All lines below containing the string "have" are to be copied.

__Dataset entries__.
>>>>>

(* For all $i=1,\dots,l$ and all $\beta\in Q_+$, \begin{eqnarray*} &&E_i\left(\theta^{(1)}\otimes\theta^{(2)}\right)_\beta=0,\\ &&\bar E_i\left(\bar\theta^{(1)}\otimes\bar\theta^{(2)}\right)_\beta=0. \end{eqnarray*}
   Context: Let $\mathfrak{g}$ be a complex simple Lie algebra with simple roots $\alpha_1,\dots,\alpha_l$, weight lattice $P$, root lattice $Q$, $Q_+=\oplus_i\mathbb{Z}_{\ge0}\alpha_i$, invariant form $(~,~)$, $d_i=(\alpha_i,\alpha_i)/2$, $v_i=v^{d_i}$. $U_v(\mathfrak{g})$ has generators $E_i,F_i,K_\mu$ ($\mu\in P$), $K_i=K_{\alpha_i}$, with coproduct $\Delta E_i=E_i\otimes1+K_i\otimes E_i$, $\Delta K_\mu=K_\mu\otimes K_\mu$; $U_{v^{-1}}(\mathfrak{g})$ has generators $\bar E_i,\bar F_i,\bar K_\mu$ with coproduct $\Delta\bar E_i=\bar E_i\otimes\bar K_i+1\otimes\bar E_i$, $\Delta\bar K_\mu=\bar K_\mu\otimes\bar K_\mu$. $\mathcal V^\lambda$ (resp. $\bar{\mathcal V}^\lambda$) is the Verma module over $U_v(\mathfrak{g})$ (resp. $U_{v^{-1}}(\mathfrak{g})$) with highest weight vector ${\bf 1}^\lambda$ (resp. $\bar{\bf 1}^\lambda$), $K_\mu{\bf 1}^\lambda=v^{(\mu,\lambda)}{\bf 1}^\lambda$, $\bar K_\mu\bar{\bf 1}^\lambda=v^{-(\mu,\lambda)}\bar{\bf 1}^\lambda$, graded by $\beta\in Q_+$ (weight $\lambda-\beta$), with completions $\widehat{\mathcal V}^\lambda=\prod_\beta(\mathcal V^\lambda)_\beta$, $\widehat{\bar{\mathcal V}}^\lambda$. Given an orientation of the Dynkin graph, i.e. a skew-symmetric matrix $\epsilon=(\epsilon_{i,j})$, elements $\nu_i\in P$ with $(\nu_i,\alpha_j)-(\nu_j,\alpha_i)=\epsilon_{i,j}(\alpha_i,\alpha_j)$ and nonzero scalars $c_i$, the Whittaker vector $\theta^\lambda(\epsilon,\nu,c)=\sum_{\beta\in Q_+}\theta^\lambda_\beta\in\widehat{\mathcal V}^\lambda$ is the unique element with $\theta^\lambda_0={\bf 1}^\lambda$ and $E_iK_{\nu_i}\theta^\lambda=\frac{c_i}{1-v_i^2}\theta^\lambda$; the dual Whittaker vector $\bar\theta^\lambda(\epsilon,\nu,c)\in\widehat{\bar{\mathcal V}}^\lambda$ has $\bar\theta^\lambda_0=\bar{\bf 1}^\lambda$ and $\bar E_i\bar K_{\nu_i}\bar\theta^\lambda=\frac{c_i^{-1}}{1-v_i^{-2}}\bar\theta^\lambda$. Fix $\lambda_1,\lambda_2\in P$, $\beta\in Q_+$, set $\nu^\pm_i=\nu_i\pm\alpha_i$, and let $\theta^{(1)}=\theta^{\lambda_1}(\epsilon,\nu^-,c^{(1)})$, $\theta^{(2)}=\theta^{\lambda_2}(-\epsilon,-\nu,c^{(2)})$, $\bar\theta^{(1)}=\bar\theta^{\lambda_1}(\epsilon,\nu,\bar c^{(1)})$, $\bar\theta^{(2)}=\bar\theta^{\lambda_2}(-\epsilon,-\nu^+,\bar c^{(2)})$, where $\bar c^{(1)}_i=v_i^{-1}c^{(1)}_i$, $\bar c^{(2)}_i=v_i^3c^{(2)}_i$, and $c^{(1)}_i/c^{(2)}_i=-v^{(\nu_i,\lambda_1+\lambda_2-\beta-\alpha_i)+(\alpha_i,\alpha_i)}$. The tensor products carry the action via the coproducts, and $(\cdot)_\beta$ denotes the component of weight $\lambda_1+\lambda_2-\beta$. *)

From HB Require Import structures.
From mathcomp Require Import all_boot all_order all_algebra.
Set Implicit Arguments. Unset Strict Implicit. Unset Printing Implicit Defensive.
Import Order.TTheory GRing.Theory Num.Theory.
Local Open Scope ring_scope.

(* Elements of Q_+ : beta = sum_i beta_i alpha_i, recorded by coefficients. *)
Definition Qp (l : nat) := {ffun 'I_l -> nat}.

Definition eQ (l : nat) (i : 'I_l) : Qp l := [ffun j => nat_of_bool (i == j)].

Definition wt (P : zmodType) (l : nat) (alpha : 'I_l -> P) (g : Qp l) : P :=
  \sum_(j < l) alpha j *+ g j.

(* v^x for a rational exponent x is vp x; v_i = v^{(alpha_i,alpha_i)/2} *)
Definition vi (K : fieldType) (P : zmodType) (l : nat) (form : P -> P -> rat)
  (vp : rat -> K) (alpha : 'I_l -> P) (i : 'I_l) : K :=
  vp (form (alpha i) (alpha i) / 2%:R).

(* A Q_+-graded module of highest weight lam over U_v(g) (only the data used
   by the statement): the weight space of weight lam - gamma is K^(n gamma)
   (row vectors), K_mu acts on it by v^{(mu, lam - gamma)}, and E_i maps the
   weight space of index gamma + alpha_i to that of index gamma, by right
   multiplication with the matrix E i gamma.  An element theta of the
   completion is a family of components theta gamma.

   Whittaker condition  E_i K_{nu_i} theta = c_i/(1 - v_i^2) theta,
   written component by component. *)
Definition whittaker (K : fieldType) (P : zmodType) (l : nat)
  (form : P -> P -> rat) (vp : rat -> K) (alpha : 'I_l -> P) (lam : P)
  (n : Qp l -> nat) (E : forall (i : 'I_l) (g : Qp l), 'M[K]_(n (g + eQ i), n g))
  (nu : 'I_l -> P) (c : 'I_l -> K) (th : forall g : Qp l, 'rV[K]_(n g)) : Prop :=
  forall (i : 'I_l) (g : Qp l),
    vp (form (nu i) (lam - wt alpha (g + eQ i))) *: (th (g + eQ i) *m E i g)
      = (c i / (1 - vi form vp alpha i ^+ 2)) *: th g.

(* The same for a module over U_{v^{-1}}(g): barK_mu acts on the weight space
   of index gamma by v^{-(mu, lam - gamma)}; dual Whittaker condition
   barE_i barK_{nu_i} theta = c_i^{-1}/(1 - v_i^{-2}) theta. *)
Definition bar_whittaker (K : fieldType) (P : zmodType) (l : nat)
  (form : P -> P -> rat) (vp : rat -> K) (alpha : 'I_l -> P) (lam : P)
  (n : Qp l -> nat) (E : forall (i : 'I_l) (g : Qp l), 'M[K]_(n (g + eQ i), n g))
  (nu : 'I_l -> P) (c : 'I_l -> K) (th : forall g : Qp l, 'rV[K]_(n g)) : Prop :=
  forall (i : 'I_l) (g : Qp l),
    vp (- form (nu i) (lam - wt alpha (g + eQ i))) *: (th (g + eQ i) *m E i g)
      = ((c i)^-1 / (1 - vi form vp alpha i ^- 2)) *: th g.

(* The tensor product of the weight spaces K^m and K^p is K^(m x p), with
   x (x) y represented by the outer product x^T *m y. *)
Definition tens (K : fieldType) (m p : nat) (x : 'rV[K]_m) (y : 'rV[K]_p)
  : 'M[K]_(m, p) := x^T *m y.

From HB Require Import structures.
From mathcomp Require Import all_boot all_order all_algebra.
From mathcomp Require Import ring.
Set Implicit Arguments.
Unset Strict Implicit.
Unset Printing Implicit Defensive.
Import Order.TTheory GRing.Theory Num.Theory.
Local Open Scope ring_scope.

(* Each Whittaker condition expresses theta_(gamma + alpha_i) E_i as a scalar
   multiple of theta_gamma.  Hence every component of E_i applied to the tensor
   product is a multiple of theta1_gamma (x) theta2_delta whose coefficient is a
   sum of two powers of v with exponents bilinear in the weights, and the
   normalisation of c1/c2 is exactly what makes them cancel. *)

Section BilinearForm.

Variables (P : zmodType) (form : P -> P -> rat).
Hypothesis formDl : forall x y z, form (x + y) z = form x z + form y z.
Hypothesis form_sym : forall x y, form x y = form y x.

Lemma formNl x y : form (- x) y = - form x y.
Proof.
have form0l : form 0 y = 0.
  by apply: (addrI (form 0 y)); rewrite -formDl !addr0.
by apply/eqP; rewrite -addr_eq0 -formDl addNr form0l.
Qed.

Lemma formDr x y z : form x (y + z) = form x y + form x z.
Proof. by rewrite form_sym formDl !(form_sym x). Qed.

Lemma formNr x y : form x (- y) = - form x y.
Proof. by rewrite form_sym formNl form_sym. Qed.

Lemma whittaker_exponent (nu a lam1 lam2 w u : P) :
  - form (nu - a) (lam1 - (w + a))
    + (form nu (lam1 + lam2 - (w + u + a) - a) + form a a)
  = form a (lam1 - w) + - form (- nu) (lam2 - (u + a)).
Proof. by rewrite !(formDl, formNl, formDr, formNr); ring. Qed.

(* The two extra (a, a) come from the factors v_i^-1 and v_i^3 in the
   constants of the dual Whittaker vectors, since v_i^2 = v^(a, a). *)
Lemma bar_whittaker_exponent (nu a lam1 lam2 w u : P) :
  form (- (nu + a)) (lam2 - (u + a))
  = form nu (lam1 - (w + a)) + - form a (lam2 - u)
    + - (form nu (lam1 + lam2 - (w + u + a) - a) + form a a) + form a a + form a a.
Proof. by rewrite !(formDl, formNl, formDr, formNr); ring. Qed.

End BilinearForm.

Section Exponential.

Variables (K : fieldType) (vp : rat -> K).
Hypothesis vp_add : forall a b, vp (a + b) = vp a * vp b.
Hypothesis vp0 : vp 0 = 1.

Lemma vp_neq0 a : vp a != 0.
Proof.
apply/eqP => va0; have := vp_add a (- a).
by rewrite subrr vp0 va0 mul0r => /eqP; rewrite oner_eq0.
Qed.

Lemma vp_half_sqr a : vp (a / 2%:R) ^+ 2 = vp a.
Proof. by rewrite expr2 -vp_add; congr vp; field. Qed.

Lemma vpN a : vp (- a) = (vp a)^-1.
Proof. by apply: (mulfI (vp_neq0 a)); rewrite -vp_add subrr vp0 divff ?vp_neq0. Qed.

End Exponential.

Lemma wtD (P : zmodType) l (alpha : 'I_l -> P) (g d : Qp l) :
  wt alpha (g + d) = wt alpha g + wt alpha d.
Proof. by rewrite /wt -big_split; apply: eq_bigr => j _; rewrite ffunE mulrnDr. Qed.

Lemma wt_eQ (P : zmodType) l (alpha : 'I_l -> P) (i : 'I_l) :
  wt alpha (eQ i) = alpha i.
Proof.
rewrite /wt (bigD1 i) //= big1 ?addr0; first by rewrite ffunE eqxx.
by move=> j /negbTE; rewrite ffunE eq_sym => ->.
Qed.

Lemma tensZl (K : fieldType) m p (k : K) (x : 'rV[K]_m) (y : 'rV[K]_p) :
  tens (k *: x) y = k *: tens x y.
Proof. by rewrite /tens linearZ /= scalemxAl. Qed.

Lemma tensZr (K : fieldType) m p (k : K) (x : 'rV[K]_m) (y : 'rV[K]_p) :
  tens x (k *: y) = k *: tens x y.
Proof. by rewrite /tens scalemxAr. Qed.

Section WhittakerVectors.

Variables (K : fieldType) (P : zmodType) (l : nat).
Variables (form : P -> P -> rat) (vp : rat -> K) (alpha : 'I_l -> P).
Hypothesis vp_add : forall a b, vp (a + b) = vp a * vp b.
Hypothesis vp0 : vp 0 = 1.
Variables (lam : P) (n : Qp l -> nat).
Variable E : forall (i : 'I_l) (g : Qp l), 'M[K]_(n (g + eQ i), n g).
Variables (nu : 'I_l -> P) (c : 'I_l -> K) (th : forall g : Qp l, 'rV[K]_(n g)).

Lemma whittakerE : whittaker form vp alpha lam E nu c th ->
  forall i g, th (g + eQ i) *m E i g
    = (vp (- form (nu i) (lam - (wt alpha g + alpha i)))
       * (c i / (1 - vi form vp alpha i ^+ 2))) *: th g.
Proof.
move=> Hth i g; rewrite -(wt_eQ alpha i) -wtD vpN // -scalerA -Hth.
by rewrite scalerA mulVf ?vp_neq0 // scale1r.
Qed.

Lemma bar_whittakerE : bar_whittaker form vp alpha lam E nu c th ->
  forall i g, th (g + eQ i) *m E i g
    = (vp (form (nu i) (lam - (wt alpha g + alpha i)))
       * ((c i)^-1 / (1 - vi form vp alpha i ^- 2))) *: th g.
Proof.
move=> Hth i g; rewrite -(wt_eQ alpha i) -wtD -[form _ _]opprK vpN //.
by rewrite -scalerA -Hth scalerA mulVf ?vp_neq0 // scale1r.
Qed.

End WhittakerVectors.

Section WhittakerTensorProduct.

Variables (K : fieldType) (P : zmodType) (l : nat).
Variables (form : P -> P -> rat) (vp : rat -> K) (alpha : 'I_l -> P).
Hypothesis formDl : forall x y z, form (x + y) z = form x z + form y z.
Hypothesis form_sym : forall x y, form x y = form y x.
Hypothesis vp_add : forall a b, vp (a + b) = vp a * vp b.
Hypothesis vp0 : vp 0 = 1.
Variables (nu : 'I_l -> P) (lam1 lam2 : P) (c1 c2 : 'I_l -> K).
Variables (i : 'I_l) (g d : Qp l).
Hypothesis c2_neq0 : c2 i != 0.
Hypothesis c1E : c1 i = - vp (form (nu i) (lam1 + lam2 - wt alpha (g + d + eQ i) - alpha i)
                             + form (alpha i) (alpha i)) * c2 i.

Lemma E_tens_whittaker_eq0 (n1 n2 : Qp l -> nat)
  (E1 : forall k h, 'M[K]_(n1 (h + eQ k), n1 h))
  (E2 : forall k h, 'M[K]_(n2 (h + eQ k), n2 h))
  (th1 : forall h, 'rV[K]_(n1 h)) (th2 : forall h, 'rV[K]_(n2 h)) :
  whittaker form vp alpha lam1 E1 (fun k => nu k - alpha k) c1 th1 ->
  whittaker form vp alpha lam2 E2 (fun k => - nu k) c2 th2 ->
  tens (th1 (g + eQ i) *m E1 i g) (th2 d)
  + vp (form (alpha i) (lam1 - wt alpha g)) *: tens (th1 g) (th2 (d + eQ i) *m E2 i d)
  = 0.
Proof.
move=> Hth1 Hth2.
rewrite (whittakerE vp_add vp0 Hth1) (whittakerE vp_add vp0 Hth2).
rewrite tensZl tensZr scalerA -scalerDl c1E !wtD wt_eQ.
have := whittaker_exponent formDl form_sym (nu i) (alpha i) lam1 lam2 (wt alpha g) (wt alpha d).
move=> /(congr1 vp); rewrite !vp_add => vp_exponent.
by rewrite !mulrA mulrN vp_exponent !mulNr addNr scale0r.
Qed.

Lemma barE_tens_whittaker_eq0 (m1 m2 : Qp l -> nat)
  (Eb1 : forall k h, 'M[K]_(m1 (h + eQ k), m1 h))
  (Eb2 : forall k h, 'M[K]_(m2 (h + eQ k), m2 h))
  (thb1 : forall h, 'rV[K]_(m1 h)) (thb2 : forall h, 'rV[K]_(m2 h)) :
  bar_whittaker form vp alpha lam1 Eb1 nu
    (fun k => (vi form vp alpha k)^-1 * c1 k) thb1 ->
  bar_whittaker form vp alpha lam2 Eb2 (fun k => - (nu k + alpha k))
    (fun k => vi form vp alpha k ^+ 3 * c2 k) thb2 ->
  tens (thb1 (g + eQ i) *m Eb1 i g) (vp (- form (alpha i) (lam2 - wt alpha d)) *: thb2 d)
  + tens (thb1 g) (thb2 (d + eQ i) *m Eb2 i d)
  = 0.
Proof.
move=> Hthb1 Hthb2.
rewrite (bar_whittakerE vp_add vp0 Hthb1) (bar_whittakerE vp_add vp0 Hthb2).
rewrite !tensZl !tensZr !scalerA -scalerDl c1E !wtD wt_eQ.
have := bar_whittaker_exponent formDl form_sym (nu i) (alpha i) lam1 lam2 (wt alpha g) (wt alpha d).
move=> /(congr1 vp); rewrite !vp_add => ->.
set q := (1 - _)^-1; rewrite !vpN // !vp_add -(vp_half_sqr vp_add (form (alpha i) (alpha i))) /vi.
rewrite [X in X *: _](_ : _ = 0) ?scale0r //.
have vp_nz := vp_neq0 vp_add vp0.
by field; rewrite c2_neq0 oppr_eq0 mulf_neq0 ?expf_neq0 ?vp_nz.
Qed.

End WhittakerTensorProduct.

Theorem lemma4p2
  (K : fieldType) (P : zmodType) (l : nat)
  (form : P -> P -> rat) (vp : rat -> K) (alpha : 'I_l -> P)
  (form_addl : forall x y z, form (x + y) z = form x z + form y z)
  (form_sym : forall x y, form x y = form y x)
  (vp_add : forall a b, vp (a + b) = vp a * vp b)
  (vp0 : vp 0 = 1)
  (vp_generic : forall a, vp a = 1 -> a = 0)
  (eps : 'I_l -> 'I_l -> int)
  (eps_skew : forall i j, eps i j = - eps j i)
  (eps_orient : forall i j, i != j -> form (alpha i) (alpha j) != 0 ->
      eps i j = 1 \/ eps i j = -1)
  (eps_zero : forall i j, (i == j) || (form (alpha i) (alpha j) == 0) -> eps i j = 0)
  (nu : 'I_l -> P)
  (nu_eps : forall i j, form (nu i) (alpha j) - form (nu j) (alpha i)
      = (eps i j)%:~R * form (alpha i) (alpha j))
  (lam1 lam2 : P) (beta : Qp l)
  (c1 c2 : 'I_l -> K) (c1_nz : forall i, c1 i != 0) (c2_nz : forall i, c2 i != 0)
  (c_rel : forall i, c1 i / c2 i =
      - vp (form (nu i) (lam1 + lam2 - wt alpha beta - alpha i)
            + form (alpha i) (alpha i)))
  (n1 n2 : Qp l -> nat)
  (E1 : forall (i : 'I_l) (g : Qp l), 'M[K]_(n1 (g + eQ i), n1 g))
  (E2 : forall (i : 'I_l) (g : Qp l), 'M[K]_(n2 (g + eQ i), n2 g))
  (th1 : forall g : Qp l, 'rV[K]_(n1 g)) (th2 : forall g : Qp l, 'rV[K]_(n2 g))
  (Hth1 : whittaker form vp alpha lam1 E1 (fun i => nu i - alpha i) c1 th1)
  (Hth2 : whittaker form vp alpha lam2 E2 (fun i => - nu i) c2 th2)
  (m1 m2 : Qp l -> nat)
  (Eb1 : forall (i : 'I_l) (g : Qp l), 'M[K]_(m1 (g + eQ i), m1 g))
  (Eb2 : forall (i : 'I_l) (g : Qp l), 'M[K]_(m2 (g + eQ i), m2 g))
  (thb1 : forall g : Qp l, 'rV[K]_(m1 g)) (thb2 : forall g : Qp l, 'rV[K]_(m2 g))
  (Hthb1 : bar_whittaker form vp alpha lam1 Eb1 nu
             (fun i => (vi form vp alpha i)^-1 * c1 i) thb1)
  (Hthb2 : bar_whittaker form vp alpha lam2 Eb2 (fun i => - (nu i + alpha i))
             (fun i => vi form vp alpha i ^+ 3 * c2 i) thb2) :
  forall i : 'I_l,
    (* E_i (theta1 (x) theta2)_beta = 0, with Delta E_i = E_i (x) 1 + K_i (x) E_i:
       its component in V1_gamma (x) V2_delta, gamma + delta + alpha_i = beta *)
    (forall g d : Qp l, g + d + eQ i = beta ->
       tens (th1 (g + eQ i) *m E1 i g) (th2 d)
       + vp (form (alpha i) (lam1 - wt alpha g)) *: tens (th1 g) (th2 (d + eQ i) *m E2 i d)
       = 0)
    /\
    (* barE_i (bartheta1 (x) bartheta2)_beta = 0, with
       Delta barE_i = barE_i (x) barK_i + 1 (x) barE_i *)
    (forall g d : Qp l, g + d + eQ i = beta ->
       tens (thb1 (g + eQ i) *m Eb1 i g) (vp (- form (alpha i) (lam2 - wt alpha d)) *: thb2 d)
       + tens (thb1 g) (thb2 (d + eQ i) *m Eb2 i d)
       = 0).
Proof.
move=> i; split=> g d def_beta.
all: have := c_rel i; rewrite -def_beta => /(canRL (divfK (c2_nz i))) c1E.
- exact: (E_tens_whittaker_eq0 form_addl form_sym vp_add vp0 c1E).
- exact: (barE_tens_whittaker_eq0 form_addl form_sym vp_add vp0 (c2_nz i) c1E).
Qed.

<<<<<

__Written answer__.
have form0l : form 0 y = 0.
apply/eqP => va0; have := vp_add a (- a).
have := whittaker_exponent formDl form_sym (nu i) (alpha i) lam1 lam2 (wt alpha g) (wt alpha d).
have := bar_whittaker_exponent formDl form_sym (nu i) (alpha i) lam1 lam2 (wt alpha g) (wt alpha d).
have vp_nz := vp_neq0 vp_add vp0.
all: have := c_rel i; rewrite -def_beta => /(canRL (divfK (c2_nz i))) c1E.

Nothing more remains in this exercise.